There’s Unconscious Bias at Work & AI Can Change That! Do you think you’re a biased person? At the top of your head, you probably aren’t. But each one of us imitates some degree of unconscious bias, especially in the workplace. Unconscious bias is when we judge, assess or form opinions of other individuals based on their name, race, gender, and other factors; without realizing it. This concept holds true for a lot of us, but it’s not really our fault. Rather, it’s a result of values, beliefs, and the culture that we have been accustomed to.
While most of us are aware of gender disparity in the corporate world, very few know or fully comprehend the unconscious bias that exists.
Numbers Don’t Lie
In a study conducted by MIT & the University of Chicago, 5000 resumes with Caucasian & African-American names were sent to 1,250 employers, with each person receiving four resumes. The study discovered that resumes with typically ‘white’ names received a 50% call-back as compared to the African-American names who were, in fact, more qualified.
In 2014, Google admitted that their male staff consisted only 3% Latino men & 2% African-American men. They acknowledged that the lack of diversity was a result of unconscious bias and in response, Google introduced bias-busting initiatives & workshops to educate their employees on the subject. Similarly, the Royal Bank of Canada provided sessions for roughly 1,000 executives to help them address unconscious bias.
Where AI Fits In
AI has brought drastic improvements to the HR process. From automating everyday functions (such as payroll & scheduling shifts) to using keywords and scanning resumes to assisting in performance management, there’s a lot that AI is simplifying. Now, add to it the option of eliminating unconscious bias!
Here’s how. AI uses Natural Language Processing (NPL) and cognitive learning to detect repetitive patterns that might suggest bias at work place. For instance, AI systems can skim through previous applications of hired employees to identify significant demographic trends in terms of age, race, and gender.
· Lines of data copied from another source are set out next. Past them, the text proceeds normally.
(* Let $d,\tilde d\in\mathbb{R}^m$ with $d,\tilde d>0$ and $\ell,\tilde\ell\in\mathbb{R}^m$ with $f(d,\ell)>0$ and $f(\tilde d,\tilde\ell)>0$. Let $j\in\{1,\dots,m\}$ and suppose $$\frac{1}{f(\tilde d,\tilde\ell)}\tilde d=\alpha\Big(\frac{1}{f(d,\ell)}d+\frac{2}{m-1}\frac{1}{\gamma_j(d,\ell)^2}e_j\Big)$$ for some scalar $\alpha\ge\frac{m^2-1}{m^2}$. If $\big(d_j/f(d,\ell)\big)^{-1/2}\ge\tau(A,u)$, then $\phi(\tilde d,\tilde\ell)\le e^{-\frac{1}{2(m+1)}}\phi(d,\ell)$.
   Context: Standing assumption: $A=[a_1|\cdots|a_m]\in\mathbb{R}^{n\times m}$ has columns of unit Euclidean norm and $\{A\lambda:\lambda\ge0\}=\mathbb{R}^n$ (so $m\ge2$); $u\in\mathbb{R}^m$. $D=\mathrm{diag}(d)$; $r(\ell)=\tfrac12(u+\ell)$, $v(\ell)=\tfrac12(u-\ell)$, $B(d)=ADA^\top$, $y(d,\ell)=B(d)^{-1}ADr(\ell)$, $t(d,\ell)=A^\top y(d,\ell)-r(\ell)$, $f(d,\ell)=v(\ell)^\top Dv(\ell)-t(d,\ell)^\top Dt(d,\ell)$, $\gamma_i(d,\ell)=\sqrt{f(d,\ell)a_i^\top B(d)^{-1}a_i}$. $\tau(A,u):=|z^*|$ with $z^*:=\max_x\min_i(u_i-a_i^\top x)$. Potential: $\phi(d,\ell):=\prod_{i=1}^m\max\Big\{\big(\tfrac{d_i}{f(d,\ell)}\big)^{-1/2},\ \tfrac{m}{m+1}\tau(A,u)\Big\}$. *)

(* Vectors in R^k are functions nat -> R
   (only indices < k are meaningful); A is given entrywise: A k i is the
   k-th coordinate (k < n) of the column a_i (i < m). Indices are 0-based. *)
From Stdlib Require Import Reals Lra Lia ClassicalEpsilon.
Open Scope R_scope.

Fixpoint rsum (N : nat) (f : nat -> R) : R :=
  match N with O => 0 | S N' => rsum N' f + f N' end.

Fixpoint rprod (N : nat) (f : nat -> R) : R :=
  match N with O => 1 | S N' => rprod N' f * f N' end.
Lemma GL3_commuting_square (X1 X2 Y1 Y2 : M3) :
  Y1 \in unitmx -> Y2 \in unitmx ->
  comm_mx X1 Y1 -> comm_mx X1 Y2 -> comm_mx X2 Y1 -> comm_mx X2 Y2 ->
  [\/ comm_mx X1 X2, comm_mx Y1 Y2 | comm_mx (mx_comm Y1 Y2) (mx_comm Y1 (invmx Y2))].
Proof.
move=> uY1 uY2 c11 c12 c21 c22.
have [? | nX] := classic (comm_mx X1 X2); first by constructor 1.
have [? | nY] := classic (comm_mx Y1 Y2); first by constructor 2.
constructor 3.
have [b1 [u1 [w1 eY1]]] := noncomm_centralizer_rank1 (comm_mx_sym c11) (comm_mx_sym c21) nX.
have [b2 [u2 [w2 eY2]]] := noncomm_centralizer_rank1 (comm_mx_sym c12) (comm_mx_sym c22) nX.
have [g1 [x1 [y1 eX1]]] := noncomm_centralizer_rank1 c11 c12 nY.
have [g2 [x2 [y2 eX2]]] := noncomm_centralizer_rank1 c21 c22 nY.
rewrite eX1 eX2 eY1 eY2 !comm_mx_scalar_add in c11 c12 c21 c22 nX nY.
case: (commuting_rank1_parallel c11 c12 c21 c22 nY nX) => [u21 | w21].
- apply: (flag_scalar_metabelian (W := kermx u1)) => //;
    by rewrite ?eY1 ?eY2; apply: flag_scalar_col.
- apply: (flag_scalar_metabelian (W := w1)) => //;
    by rewrite ?eY1 ?eY2; apply: flag_scalar_row.
Qed.
End CommutingPairs.

Local Close Scope ring_scope.

Theorem theorem3p2 (T : finType) (e : rel T) :
  simple_graph e -> raag_m_le e 3 -> ~ has_induced_square e.
Proof.
move=> [e_sym _] [n [F [n_le3 /(raag_embeds_GL_le n_le3) [A [A_unit A_comm A_faithful]]]]].
move=> [a [b [c [d [abcd /and4P [eab ebc ecd eda] /andP [nac nbd]]]]]].
have [ac bd] : a != c /\ b != d.
  by move: abcd; rewrite /= !inE !negb_or => /and4P [/and3P [_ ? _] /andP [_ ?] _ _].
have nca : ~~ e c a by rewrite e_sym.
have ndb : ~~ e d b by rewrite e_sym.
have ead : e a d by rewrite e_sym.
have ecb : e c b by rewrite e_sym.
have [] := GL3_commuting_square (A_unit b) (A_unit d)
  (A_comm _ _ eab) (A_comm _ _ ead) (A_comm _ _ ecb) (A_comm _ _ ecd).
- move=> AaAc; apply: (raag_comm_nontrivial nac nca ac); apply: A_faithful.
  by rewrite (mx_eval_word_comm A_unit) !mx_eval_letter mx_comm_eq1.
- move=> AbAd; apply: (raag_comm_nontrivial nbd ndb bd); apply: A_faithful.
  by rewrite (mx_eval_word_comm A_unit) !mx_eval_letter mx_comm_eq1.
- move=> AbAd; apply: (raag_comm2_nontrivial nbd ndb bd); apply: A_faithful.
  by rewrite !(mx_eval_word_comm A_unit) !mx_eval_letter mx_comm_eq1 ?unitmx_comm ?unitmx_inv.
Qed.
Section PBW.
Variables (F : fieldType) (k n : nat) (H : algType F).
Variables (Cv : 'I_k -> H) (X Y : 'I_n -> H).
Hypothesis Cv_central : forall c, centralH (Cv c).
Variables (gT : finGroupType) (W : {group gT}) (T : gT -> H).
Local Notation poly := {mpoly F[k + n + n]}.
Local Notation pbw := (pbw Cv X Y W T).
Hypothesis pbw_onto : forall h : H, exists f, h = pbw f.
Hypothesis pbw_eq0 : forall f, pbw f = 0 -> forall w, w \in W -> f w = 0.

Lemma pbw_is_additive : additive pbw.
Proof.
move=> f1 f2; rewrite /pbw -sumrB; apply: eq_bigr => w _.
by rewrite !ffunE raddfB mulrBl.
Qed.

HB.instance Definition _ :=
  GRing.isAdditive.Build {ffun gT -> poly} H pbw pbw_is_additive.

Lemma pbw_inj f1 f2 w : pbw f1 = pbw f2 -> w \in W -> f1 w = f2 w.
Proof.
move=> e12 hw; apply/eqP; rewrite -subr_eq0.
have := @pbw_eq0 (f1 - f2); rewrite raddfB /= e12 subrr => /(_ erefl w hw).
by rewrite !ffunE => ->.
Qed.

Lemma pbw_lmul p P f :
  lmul_lift Cv X Y p P -> P * pbw f = pbw [ffun w => p * f w].
Proof.
move=> hp; rewrite /pbw mulr_sumr; apply: eq_bigr => w _.
by rewrite ffunE hp mulrA.
Qed.

Lemma pbw_coef_C0 f w :
  in_C0H Cv (pbw f) -> w \in W -> in_C0pow k n 1 (f w).
Proof.
move=> [hc hsum] hw.
have [G hG] := fin_all_exists (fun c => pbw_onto (hc c)).
have -> : f w = (\sum_(c < k) [ffun w' => 'X_(@cvar k n c) * G c w']) w.
  apply: pbw_inj hw; rewrite hsum raddf_sum; apply: eq_bigr => c _.
  by rewrite hG (pbw_lmul _ (lmul_lift_cvar X Y Cv_central c)).
rewrite sum_ffunE; apply: in_ideal_pow_sum => c _; rewrite ffunE mulrC.
exact/in_ideal_powMl/in_ideal_pow_gen.
Qed.

End PBW.

Section C0Prime.
Variables (F : fieldType) (k n : nat).
Local Notation poly := {mpoly F[k + n + n]}.

Definition zeroC : {rmorphism poly -> poly} :=
  comp_mpoly [tuple if (val v < k)%N then 0 else 'X_v | v < k + n + n].

Lemma zeroC_X v : zeroC 'X_v = if (val v < k)%N then 0 else 'X_v.
Proof. by rewrite /= comp_mpolyXU -(tnth_nth 0) tnth_mktuple. Qed.

Lemma C0_congrM (x1 y1 x2 y2 : poly) :
    in_C0pow k n 1 (x1 - y1) -> in_C0pow k n 1 (x2 - y2) ->
  in_C0pow k n 1 (x1 * x2 - y1 * y2).
Proof.
have -> : x1 * x2 - y1 * y2 = x1 * (x2 - y2) + y2 * (x1 - y1).
  by rewrite mulrBr mulrBr [y2 * x1]mulrC addrA subrK [y2 * y1]mulrC.
by move=> h1 h2; apply: in_ideal_powD; apply: in_ideal_powMl.
Qed.

Lemma in_C0P p : in_C0pow k n 1 p <-> zeroC p = 0.
Proof.
split=> [[N [a [f ->]]] | p0].
  rewrite rmorph_sum big1 // => i _.
  by rewrite rmorphM big_ord1 zeroC_X /= ltn_ord mulr0.
suff : in_C0pow k n 1 (p - zeroC p) by rewrite p0 subr0.
have -> : p - zeroC p =
    \sum_(m <- msupp p) (p@_m *: 'X_[m] - zeroC (p@_m *: 'X_[m])).
  by rewrite sumrB -rmorph_sum -mpolyE.
apply: in_ideal_pow_sum => m _.
rewrite /= comp_mpolyZ -scalerBr -mul_mpolyC; apply: in_ideal_powMl.
rewrite comp_mpolyX -mmap1_id /mmap1.
apply: (big_ind2 (fun x y => in_C0pow k n 1 (x - y))) => [||v _].
- by rewrite subrr; exact: in_ideal_pow0.
- by move=> ? ? ? ?; apply: C0_congrM.
elim: (m v) => [|e IHe]; first by rewrite !expr0 subrr; exact: in_ideal_pow0.
rewrite !exprS; apply: C0_congrM => //; rewrite tnth_mktuple.
case: ifP => [vk | _]; last by rewrite subrr; exact: in_ideal_pow0.
rewrite subr0 (_ : v = @cvar k n (Ordinal vk)); last exact: val_inj.
exact: in_ideal_pow_gen.
Qed.

Lemma zeroC_xpoly (x : 'rV[F]_n) : zeroC (xpoly k x) = xpoly k x.
Proof.
rewrite rmorph_sum; apply: eq_bigr => i _.
by rewrite /= comp_mpolyZ -/(zeroC _) zeroC_X /= ltnNge leq_addr.
Qed.
Section ClopenBaseMetric.
Context {R : realType} {X : topologicalType} (C : nat -> set X).
Hypothesis C_clopen : forall k, clopen (C k).
Hypothesis C_base : forall x U, open U -> U x -> exists k, C k x /\ C k `<=` U.

Definition separating_digits (x y : X) (k : nat) : bool :=
  `[< C k x >] != `[< C k y >].

Definition clopen_dist (x y : X) : R := ternary (separating_digits x y).

Lemma separating_digitsP x y k :
  reflect (~ (C k x <-> C k y)) (separating_digits x y k).
Proof.
rewrite /separating_digits.
by case: asboolP => Cx; case: asboolP => Cy /=; constructor; tauto.
Qed.

Lemma separating_digits_eq x y z k :
  separating_digits x z k = separating_digits y z k -> (C k x <-> C k y).
Proof.
rewrite /separating_digits.
by case: asboolP => Cx; case: asboolP => Cy; case: asboolP => Cz //= _; tauto.
Qed.

Lemma base_separates : accessible_space X ->
  forall x y, x != y -> exists k, C k x /\ ~ C k y.
Proof.
move=> X_T1 x y /X_T1 [A [oA xA yA]]; rewrite !inE in xA yA.
by have [k [Ckx CkA]] := C_base _ _ oA xA; exists k; split => // /CkA.
Qed.

Lemma clopen_dist_metric : accessible_space X -> is_metric clopen_dist.
Proof.
move=> X_T1; split; first by move=> x y; apply: ternary_ge0.
split.
  move=> x y; split => [dxy0|->]; last by apply: ternary_eq0 => k; rewrite negbK.
  apply/eqP/negPn/negP => /(base_separates X_T1) [k [Ckx Cky]].
  have sep_k : separating_digits x y k by apply/separating_digitsP; tauto.
  have := third_pow_le_ternary (R := R) sep_k.
  by rewrite -/(clopen_dist x y) dxy0 leNgt third_pow_gt0.
split.
  by move=> x y; congr ternary; apply: funext => k; rewrite /separating_digits eq_sym.
move=> x y z; apply: ternary_le_add => k; rewrite /separating_digits.
by case: `[< C k x >]; case: `[< C k y >]; case: `[< C k z >].
Qed.

Lemma agree_prefix_open x N : open [set y | forall k, (k < N)%N -> (C k y <-> C k x)].
Proof.
elim: N => [|N IH].
  have -> : [set y | forall k, (k < 0)%N -> (C k y <-> C k x)] = setT.
    by rewrite predeqE => y; split => // _ k.
  exact: openT.
have -> : [set y | forall k, (k < N.+1)%N -> (C k y <-> C k x)] =
    [set y | forall k, (k < N)%N -> (C k y <-> C k x)] `&` [set y | C N y <-> C N x].
  rewrite predeqE => y; split => [agree|[agree agreeN] k].
    by split => [k kN|]; apply: agree => //; apply: ltnW.
  by rewrite ltnS leq_eqVlt => /orP[/eqP ->|/agree].
apply: openI => //; have [oCN cCN] := C_clopen N.
have [CNx|CNx] := pselect (C N x).
  have -> : [set y | C N y <-> C N x] = C N by rewrite predeqE => y /=; tauto.
  exact: oCN.
have -> : [set y | C N y <-> C N x] = ~` C N by rewrite predeqE => y /=; tauto.
exact: closed_openC.
Qed.

Lemma clopen_dist_small x {e : R} : 0 < e ->
  exists2 U, open U /\ U x & forall y, U y -> clopen_dist x y < e.
Proof.
move=> e0; have [N wN] := third_pow_small e0.
exists [set y | forall k, (k < N.+1)%N -> (C k y <-> C k x)].
  by split; [apply: agree_prefix_open | move=> k].
move=> y agree; have digits0 k : (k < N.+1)%N -> ~~ separating_digits x y k.
  by move/agree => kyx; apply/separating_digitsP; tauto.
by apply: le_lt_trans (ternary_le_prefix0 digits0) _; rewrite third_powS; lra.
Qed.

Lemma clopen_dist_generates : generates_topology clopen_dist.
Proof.
move=> A; split => [oA x Ax|ballA].
  have [k [Ckx CkA]] := C_base _ _ oA Ax.
  exists (third_pow k); first exact: third_pow_gt0.
  move=> y /= dxy; apply: CkA.
  have [/(third_pow_le_ternary (R := R)) k_le|/separating_digitsP /contrapT [xy _]] :=
    boolP (separating_digits x y k); last exact: xy.
  by have := lt_le_trans dxy k_le; rewrite ltxx.
rewrite openE => x /ballA [e e0 ballA_sub].
have [U [oU Ux] Ue] := clopen_dist_small x e0.
by rewrite /interior nbhsE; exists U => // y /Ue /ballA_sub.
Qed.

Lemma clopen_dist_close_mem {x y z : X} {k : nat} :
  `|clopen_dist x z - clopen_dist y z| < third_pow k / 2 -> C k x -> C k y.
Proof. by move/ternary_agree => /(_ k (leqnn k)) /separating_digits_eq []. Qed.

Section Embedding.
Import numFieldNormedType.Exports.
Hypothesis X_T1 : accessible_space X.
Variable xi : X.

Lemma clopen_dist_inj : injective (clopen_dist ^~ xi).
Proof.
move=> x y dxy; apply/eqP/negPn/negP => /(base_separates X_T1) [k [Ckx]]; apply.
apply: (@clopen_dist_close_mem _ _ xi _ _ Ckx).
by rewrite dxy subrr normr0 divr_gt0 ?third_pow_gt0.
Qed.

Lemma clopen_dist_ge0 x : `[0, +oo[%classic (clopen_dist x xi).
Proof. by rewrite /= in_itv /= andbT; apply: ternary_ge0. Qed.

Lemma clopen_dist_continuous :
  continuous (fun x : X => clopen_dist x xi : subspace `[0, +oo[%classic).
Proof.
move=> x W /(nbhs_subspace_ex _ (clopen_dist_ge0 x)) [V /nbhs_ballP [e e0 ballV] WV].
have [U [oU Ux] Ue] := clopen_dist_small x e0.
rewrite nbhsE; exists U => // y Uy /=.
suff : (V `&` `[0, +oo[%classic) (clopen_dist y xi) by rewrite -WV => -[].
split; last exact: clopen_dist_ge0.
apply: ballV; rewrite -ball_normE /ball_ /=.
exact: le_lt_trans (metric_dist_sub (clopen_dist_metric X_T1) x y xi) (Ue y Uy).
Qed.

Lemma clopen_dist_embedding :
  embedding (fun x : X => clopen_dist x xi : subspace `[0, +oo[%classic).
Proof.
split; [exact: clopen_dist_inj | exact: clopen_dist_continuous | move=> U oU].
pose V := \bigcup_(p in [set p : X * nat | C p.2 p.1 /\ C p.2 `<=` U])
  ball (clopen_dist p.1 xi) (third_pow p.2 / 2).
exists (V : set (subspace `[0, +oo[%classic)).
  by apply: open_subspaceW; apply: bigcup_open => p _; apply: ball_open.
rewrite predeqE => r; split.
  case=> y Uy <-; split; first by exists y.
  have [k [Cky CkU]] := C_base _ _ oU Uy.
  by exists (y, k) => //=; apply: ballxx; rewrite divr_gt0 ?third_pow_gt0.
case=> -[y _ <-] [[x k] /= [Ckx CkU]]; rewrite -ball_normE /ball_ /= => close.
by exists y => //; apply/CkU/(clopen_dist_close_mem close).
Qed.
This helps the system point out unconscious bias – something that the organization can work towards.
Studies suggest that bias also occurs well before the hiring process, going as far back as the language used in Job Descriptions. Words such as ‘ambitious’, ‘dominate’, and ‘ninja’ dissuade female candidates from applying. Organizations can address this issue with AI models that track biased language and accordingly suggest alternatives.
Monjin is a disruptive tech platform which understands the sensitivity of the situation. We are constantly working to address the issue of unconscious bias in a unique way. Our system automatically matches candidates with interviewers based on their industry & expertise, thereby eliminating human bias.
The Women in the Workplace study by Leanin.org & McKinsey found that for https://www.pass4lead.com/400-151.html every 130 men promoted, only 100 women were. And according to a study by Princeton & Harvard, blind auditions increased the scope of hiring female employees up to 46%. Unconscious Bias is an oft-ignored issue which when addressed, delivers an ethical and economic impact.